## Beijing Lineage Phylogeny Construction - Run 4 ##

### 6 July 2016 ###

The input data for this run are VCF files containing the SNPs from 76 unique strains from ~150 samples from the Beijing Lineage, where SNPs from repetitive regions and antibiotic-resistance were removed along with those whose frequency was less than 2. The entire list of strains used in this run can be found in the convertvcf folder in the file 76strains.txt.

#### VCF Conversion ####

The collection of VCF files were converted to FASTA file format with the tool convertvcf.py under the convertvcf folder with the following commands:

```bash
run=run5

inputDir=/home/zhf615/TB_test/MALAWI/test/shuffled/results
outputDir=/global/scratch/seanla/Data/MTBC/$run
snpDir=$outputDir/snps
snpPrefix=$snpDir/$run

convertVcfDir=/home/seanla/Projects/beijing_ancestor_mtbc/convertvcf
strains=$convertVcfDir/76strains.txt
convertVcf=$convertVcfDir/convertvcf.py

mkdir -p $snpDir


python $convertVcf -i $inputDir -o $snpPrefix -s $strains -r "(\d|\D)*_final.vcf$" -f -p
```

Where `(\d|\D)*_final.vcf$` is the regular expression for the appropriate VCF files. The file `76strains.txt` contains the ascension codes of all 76 unique strains. They were taken from the excel spreadsheet `Beijing_lineage_snp.xlsx`, where said ascension codes were colored in black. Ascension codes colored in red were excluded.
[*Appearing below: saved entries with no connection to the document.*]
Lemma bernoulli_mgf_le (p l : R) : 0 <= p <= 1 -> -(1/3) <= l <= 1/3 ->
  (1 - p) + p * expR l <= expR (l * p + l ^+ 2 / 4).
Proof.
move=> /andP[p0 p1] /andP[l0 l1].
have expR_lo := @expR_le1Dx_sqr (- (l * p)) ltac:(nra) ltac:(nra).
have expR_hi := @expR_le1Dx_sqr (l * (1 - p)) ltac:(nra) ltac:(nra).
have var_le : p * (1 - p) <= 1 / 4 by have := sqr_ge0 (p - 1 / 2); rewrite expr2; lra.
(* centred mgf: [(1-p) e^{-lp} + p e^{l(1-p)} <= 1 + l^2 p (1-p) <= e^{l^2/4}] *)
have centred : (1 - p) * expR (- (l * p)) + p * expR (l * (1 - p)) <= expR (l ^+ 2 / 4).
  apply: le_trans (expR_ge1Dx _).
  have := sqr_ge0 l; nra.
have expR_lp_inv : expR (l * p) * expR (- (l * p)) = 1 by rewrite -expRD subrr expR0.
have expR_l : expR (l * p) * expR (l * (1 - p)) = expR l by rewrite -expRD; congr expR; ring.
have lhsE : (1 - p) + p * expR l =
    expR (l * p) * ((1 - p) * expR (- (l * p)) + p * expR (l * (1 - p))).
  by rewrite mulrDr mulrCA expR_lp_inv mulr1 mulrCA expR_l.
by rewrite lhsE expRD ler_wpM2l // ltW // expR_gt0.
Qed.

Implicit Types (n : nat) (p l m t : R).

Let succ_count {n} (v : {ffun 'I_n -> bool}) : R := \sum_(k < n) (v k : nat)%:R.

Lemma sum_prod_bernoulli_expR n p l :
  \sum_(v : {ffun 'I_n -> bool})
     \prod_(k < n) (bernoulli_mass p (v k) * expR (l * (v k : nat)%:R))
  = ((1 - p) + p * expR l) ^+ n.
Proof.
rewrite -(bigA_distr_bigA (fun _ b => bernoulli_mass p b * expR (l * (b : nat)%:R))) /=.
by rewrite big_bool /= mulr0 expR0 !mulr1 addrC prodr_const card_ord.
Qed.

Lemma chernoff_tail_le n p l m : 0 <= p <= 1 -> -(1/3) <= l <= 1/3 ->
  \sum_(v : {ffun 'I_n -> bool} | 0 <= l * (succ_count v - m))
     \prod_(k < n) bernoulli_mass p (v k)
  <= expR (- (l * m) + n%:R * (l * p + l ^+ 2 / 4)).
Proof.
move=> hp hl.
pose mass (v : {ffun 'I_n -> bool}) := \prod_(k < n) bernoulli_mass p (v k).
have mass_ge0 v : 0 <= mass v by apply: prodr_ge0 => k _; exact: bernoulli_mass_ge0.
have markov : \sum_(v | 0 <= l * (succ_count v - m)) mass v
    <= \sum_v mass v * expR (l * (succ_count v - m)).
  rewrite [leLHS]big_mkcond /=; apply: ler_sum => v _; case: ifP => hv.
    by rewrite -[leLHS]mulr1 ler_wpM2l // (le_trans _ (expR_ge1Dx _)) ?lerDl.
  by rewrite mulr_ge0 // ltW // expR_gt0.
have factor : \sum_v mass v * expR (l * (succ_count v - m))
    = expR (- (l * m)) * ((1 - p) + p * expR l) ^+ n.
  rewrite -sum_prod_bernoulli_expR mulr_sumr; apply: eq_bigr => v _.
  rewrite big_split /= mulrCA; congr (_ * _).
  by rewrite -expR_sum -expRD mulrBr mulr_sumr addrC.
apply: le_trans markov _; rewrite factor expRD ler_pM2l ?expR_gt0 //.
rewrite expRM_natl; apply: lerXn2r; rewrite ?nnegrE; last exact: bernoulli_mgf_le.
- by case/andP: hp => p0 p1; rewrite addr_ge0 ?mulr_ge0 // ?subr_ge0 // ltW ?expR_gt0.
- exact: ltW (expR_gt0 _).
Qed.

Lemma ler_sum_cover2 {T : finType} {C C1 C2 : pred T} (f : T -> R) :
  (forall v, 0 <= f v) -> (forall v, C v -> C1 v || C2 v) ->
  \sum_(v | C v) f v <= \sum_(v | C1 v) f v + \sum_(v | C2 v) f v.
Proof.
move=> f_ge0 hC; rewrite (big_mkcond C) (big_mkcond C1) (big_mkcond C2) -big_split /=.
apply: ler_sum => v _; case Cv: (C v); last by rewrite addr_ge0 //; case: ifP.
by case/orP: (hC v Cv) => ->; [rewrite lerDl | rewrite lerDr]; case: ifP.
Qed.

Lemma binomial_deviation_le n p t : (0 < n)%N -> 0 <= p <= 1 -> 0 <= t <= 1/6 ->
  \sum_(v : {ffun 'I_n -> bool} | t < `|n%:R^-1 * succ_count v - p|)
     \prod_(k < n) bernoulli_mass p (v k)
  <= 2 * expR (- (n%:R * t ^+ 2)).
Proof.
move=> n_gt0 hp /andP[t0 t1].
have n_pos : (0 : R) < n%:R by rewrite ltr0n.
have two_sided (v : {ffun 'I_n -> bool}) : t < `|n%:R^-1 * succ_count v - p| ->
    (0 <= 2 * t * (succ_count v - n%:R * (p + t)))
    || (0 <= - (2 * t) * (succ_count v - n%:R * (p - t))).
  set s := n%:R^-1 * succ_count v.
  have -> : succ_count v = n%:R * s by rewrite /s mulrA mulfV ?mul1r // gt_eqF.
  have tn_ge0 : 0 <= t * n%:R by rewrite mulr_ge0 // ltW.
  by rewrite ltr_normr => /orP[dev|dev]; apply/orP; [left|right]; nra.
apply: le_trans (ler_sum_cover2 _ _ two_sided) _.
  by move=> v; apply: prodr_ge0 => k _; exact: bernoulli_mass_ge0.
have upper_exp : - (2 * t * (n%:R * (p + t))) + n%:R * (2 * t * p + (2 * t) ^+ 2 / 4)
    = - (n%:R * t ^+ 2) by field.
have lower_exp :
    - (- (2 * t) * (n%:R * (p - t))) + n%:R * (- (2 * t) * p + (- (2 * t)) ^+ 2 / 4)
    = - (n%:R * t ^+ 2) by field.
rewrite [2 * expR _]mulr_natl mulr2n.
apply: lerD; [rewrite -{1}upper_exp | rewrite -lower_exp].
  by apply: chernoff_tail_le => //; lra.
by apply: chernoff_tail_le => //; lra.
Qed.
End chernoff.
Arguments bernoulli_mass {R}.

Section confidence_radius.
Variable R : realType.

Definition conf_radius (n : nat) : R := Num.sqrt (3 * ln (n%:R : R) / n%:R).

Lemma ln_lt_twice_sqrt (x : R) : 0 < x -> ln x < 2 * Num.sqrt x.
Proof.
move=> x_gt0; have s_gt0 : 0 < Num.sqrt x by rewrite sqrtr_gt0.
rewrite -{1}(sqr_sqrtr (ltW x_gt0)) lnXn // -[ln _ *+ 2]mulr_natl.
by rewrite ltr_pM2l // ln_sublinear.
Qed.

Lemma conf_radius_lt (e : R) : 0 < e -> exists N, forall n, (N < n)%N -> conf_radius n < e.
Proof.
move=> e_gt0; exists (Num.truncn (36 / e ^+ 4)) => n n_big.
have n_gt0 : (0 : R) < n%:R by rewrite ltr0n (leq_ltn_trans _ n_big).
have e4_gt0 : 0 < e ^+ 4 by rewrite exprn_gt0.
have n_e4 : 36 < n%:R * e ^+ 4.
  by rewrite -ltr_pdivrMr // (lt_le_trans (truncnS_gt _)) // ler_nat.
set s := Num.sqrt (n%:R : R).
have s_gt0 : 0 < s by rewrite sqrtr_gt0.
have sE : s ^+ 2 = n%:R by rewrite sqr_sqrtr // ltW.
have e2s_big : 6 < e ^+ 2 * s.
  have : (e ^+ 2 * s) ^+ 2 = n%:R * e ^+ 4 by rewrite -sE; ring.
  have := mulr_gt0 (exprn_gt0 2 e_gt0) s_gt0; nra.
have radius_sqr : 3 * ln (n%:R : R) / n%:R < e ^+ 2.
  rewrite ltr_pdivrMr // -[X in _ < _ * X]sE.
  have := ln_lt_twice_sqrt _ n_gt0; rewrite -/s; nra.
by rewrite -(ger0_norm (ltW e_gt0)) -sqrtr_sqr ltr_sqrt // exprn_gt0.
Qed.

Lemma expR_conf_radius n : (0 < n)%N ->
  expR (- (n%:R * conf_radius n ^+ 2)) = (n%:R ^+ 3)^-1.
Proof.
move=> n_gt0; have n_pos : (0 : R) < n%:R by rewrite ltr0n.
have ln_ge0 : 0 <= ln (n%:R : R) by rewrite ln_ge0 // ler1n.
rewrite /conf_radius sqr_sqrtr; last by rewrite divr_ge0 // mulr_ge0.
rewrite mulrCA mulfV ?gt_eqF // mulr1.
by rewrite expRN expRM_natl lnK // posrE.
Qed.

End confidence_radius.

Section acceptance.
Variables (R : realType) (I : set nat) (qs : nat -> nat -> R) (eps : R).
Variables (q : nat -> R) (S : nat -> nat -> bool) (N1 : nat).
Hypothesis emp_mean_close : forall n, (N1 < n)%N ->
  forall j, (j < n.-1)%N -> `|emp_mean n S j - q j| <= conf_radius R n.

Lemma accepts_eventually_close i : exists N, forall n, (N < n)%N ->
  accepts qs eps n S i -> forall j, `|qs i j - q j| <= eps.
Proof.
have [[j far]|close] := pselect (exists j, eps < `|qs i j - q j|); last first.
  by exists 0%N => n _ _ j; rewrite leNgt; apply/negP => far; apply: close; exists j.
have [N radius_small] := @conf_radius_lt R ((`|qs i j - q j| - eps) / 2) ltac:(lra).
exists (maxn (maxn N N1) j.+1) => n n_big accepted; exfalso.
have j_lt : (j < n.-1)%N by lia.
have := accepted j j_lt; have := emp_mean_close n ltac:(lia) j j_lt.
have := radius_small n ltac:(lia); have := ler_distD (emp_mean n S j) (qs i j) (q j).
rewrite /conf_radius; lra.
Qed.

Lemma accepts_eventually_close_upto m : exists N, forall n, (N < n)%N ->
  forall i, (i <= m)%N -> accepts qs eps n S i -> forall j, `|qs i j - q j| <= eps.
Proof.
elim: m => [|m [N IH]].
  have [N close] := accepts_eventually_close 0.
  by exists N => n n_big i; rewrite leqn0 => /eqP ->; exact: close.
have [N' close] := accepts_eventually_close m.+1.
exists (maxn N N') => n n_big i; rewrite leq_eqVlt => /orP[/eqP -> | i_le].
  by apply: close; lia.
by apply: IH; lia.
Qed.

Lemma accepts_of_close i n : (N1 < n)%N -> (forall j, `|q j - qs i j| <= eps) ->
  accepts qs eps n S i.
Proof.
move=> n_big close j j_lt.
have emp_close := emp_mean_close n n_big j j_lt; rewrite distrC /conf_radius in emp_close.
have q_close := close j; rewrite distrC in q_close.
have := ler_distD (q j) (qs i j) (emp_mean n S j); lra.
Qed.

Lemma estimator_eventually_close istar : I istar -> (forall j, `|q j - qs istar j| <= eps) ->
  exists n0, forall n, (n0 < n)%N -> exists i,
    estimator_index I qs eps n S i /\ forall j, `|qs i j - q j| <= eps.
Proof.
move=> I_istar istar_close.
have [N close] := accepts_eventually_close_upto istar.
exists (maxn N N1) => n n_big.
pose good i := `[< I i /\ accepts qs eps n S i >].
have good_istar : good istar.
  by apply/asboolP; split => //; apply: accepts_of_close => //; lia.
have [i /asboolP[I_i accepted] minimal] := ex_minnP (ex_intro good _ good_istar).
exists i; split.
  split=> //; split=> // i' i'_lt I_i' accepted'.
  by have := minimal i' (asboolT (conj I_i' accepted')); rewrite leqNgt i'_lt.
by apply: close accepted; [lia | exact: minimal].
Qed.

End acceptance.
Arguments estimator_eventually_close {R I qs eps q S N1}.

Lemma measure_bigsetU_le {d} {T : measurableType d} {R : realFieldType}
    (mu : {measure set T -> \bar R}) {I : Type} {r : seq I} {P : pred I} {F : I -> set T} :
  (forall i, measurable (F i)) ->
  (mu (\big[setU/set0]_(i <- r | P i) F i) <= \sum_(i <- r | P i) mu (F i))%E.
Proof.
move=> mF; elim: r => [|a r IH]; first by rewrite !big_nil measure0.
rewrite !big_cons; case: (P a) => //.
by rewrite (le_trans (measureU2 _ _ _)) ?leeD //; exact: bigsetU_measurable.
Qed.

Lemma ae_eventually_notin {d} {T : measurableType d} {R : realType}
    (mu : {measure set T -> \bar R}) {F : (set T)^nat} :
  (forall k, measurable (F k)) -> (\sum_(k <oo) mu (F k) < +oo)%E ->
  {ae mu, forall w, exists n, forall k, (n <= k)%N -> ~ F k w}.
Proof.
move=> mF summable; exists (lim_sup_set F); split.
- by apply: bigcap_measurable => // k _; apply: bigcup_measurable => i _.
- exact: lim_sup_set_cvg0.
move=> w /= not_eventually n _; apply: contrapT => never; apply: not_eventually.
by exists n => k n_le Fkw; apply: never; exists k.
Qed.
(* Let $r\ge1$, $\mu\in\mathcal P_r$ and $1\le s\le r$. For every $n\in\mathbb N$ let $\mathbf x_n\in\Xi_n$ minimize $\mathbf y\mapsto d_s(\delta^{\mathbf u_n}_{\mathbf y},\mu)$ over $\Xi_n$ (a best uniform $s$-approximation). Then $\lim_{n\to\infty}d_r(\delta^{\mathbf u_n}_{\mathbf x_n},\mu)=0$. In particular, $\lim_{n\to\infty}d_r(\delta^{\mathbf u_n}_{\mathbf x_n},\mu)=0$ for $x_{n,i}=F_\mu^{-1}\big(\tfrac{2i-1}{2n}\big)$, $1\le i\le n$.
   Context: $\mathcal P$ denotes the set of Borel probability measures on $\mathbb R$; $\mathcal P_r=\{\mu\in\mathcal P:\int|x|^r{\rm d}\mu(x)<\infty\}$. For $\mu\in\mathcal P$, $F_\mu(x)=\mu(]-\infty,x])$ and $F_\mu^{-1}(t)=\sup\{x: F_\mu(x)\le t\}$, $t\in]0,1[$. $d_r(\mu,\nu)=\big(\int_0^1|F_\mu^{-1}(t)-F_\nu^{-1}(t)|^r{\rm d}t\big)^{1/r}$. $\Xi_n=\{\mathbf x\in\mathbb R^n:x_1\le\dots\le x_n\}$, $\mathbf u_n=(1/n,\dots,1/n)$, $\delta^{\mathbf u_n}_{\mathbf x}=\frac1n\sum_{i=1}^n\delta_{x_i}$. *)

From Stdlib Require Import Reals Lra ClassicalEpsilon.
Open Scope R_scope.

(* Real power with the convention  rpow x y = 0  for x <= 0
   (we only use it for x >= 0, y > 0, where 0^y = 0). *)
Definition rpow (x y : R) : R := if Rle_dec x 0 then 0 else Rpower x y.

(* A Borel probability measure mu on R is represented by its distribution
   function F_mu : nondecreasing, right-continuous, F(-oo)=0, F(+oo)=1. *)
Definition is_cdf (F : R -> R) : Prop :=
  (forall x y, x <= y -> F x <= F y) /\
  (forall x eps, 0 < eps -> exists del, 0 < del /\
      forall y, x <= y < x + del -> Rabs (F y - F x) < eps) /\
  (forall eps, 0 < eps -> exists M, forall x, x <= - M -> F x < eps) /\
  (forall eps, 0 < eps -> exists M, forall x, M <= x -> 1 - eps < F x).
#### Best Fit Model of DNA Evolution - jModelTest ####

jModelTest was used to infer the best-fit model of nucleotide evolution using the Akaike information criterion with the following commands:

```bash
run=run5

prefix=/global/scratch/seanla/Data/MTBC/$run
phylip=$prefix/snps/$run.phy
jmodelDir=$prefix/jmodeltest
output=$jmodelDir/jmodeltest-results.out
jModelTest=/home/seanla/Software/jmodeltest-2.1.10/jModelTest.jar

mkdir -p $jmodelDir

java -jar $jModelTest -tr ${PBS_NUM_PPN} -d $phylip -o $output -AIC -a -f -g 4 -i -H AIC
```

An explanation of the parameters used is as follows:
* -AIC indicates we used the Akaike information criterion to infer the best fit model.
* -a indicates we estimated the model-averaged phylogeny for each active criterion.
* -f indicates we included models with unequal base frequencies.
* -g 4 indicates we included models with rate variation among sites and sets the number of categories to 4.
* -i indicates we included models with a proportion invariable sites.
* -H AIC indicates we used the AIC information criterion for clustering search. (jModelTest indicated that this option has no effect for our dataset.)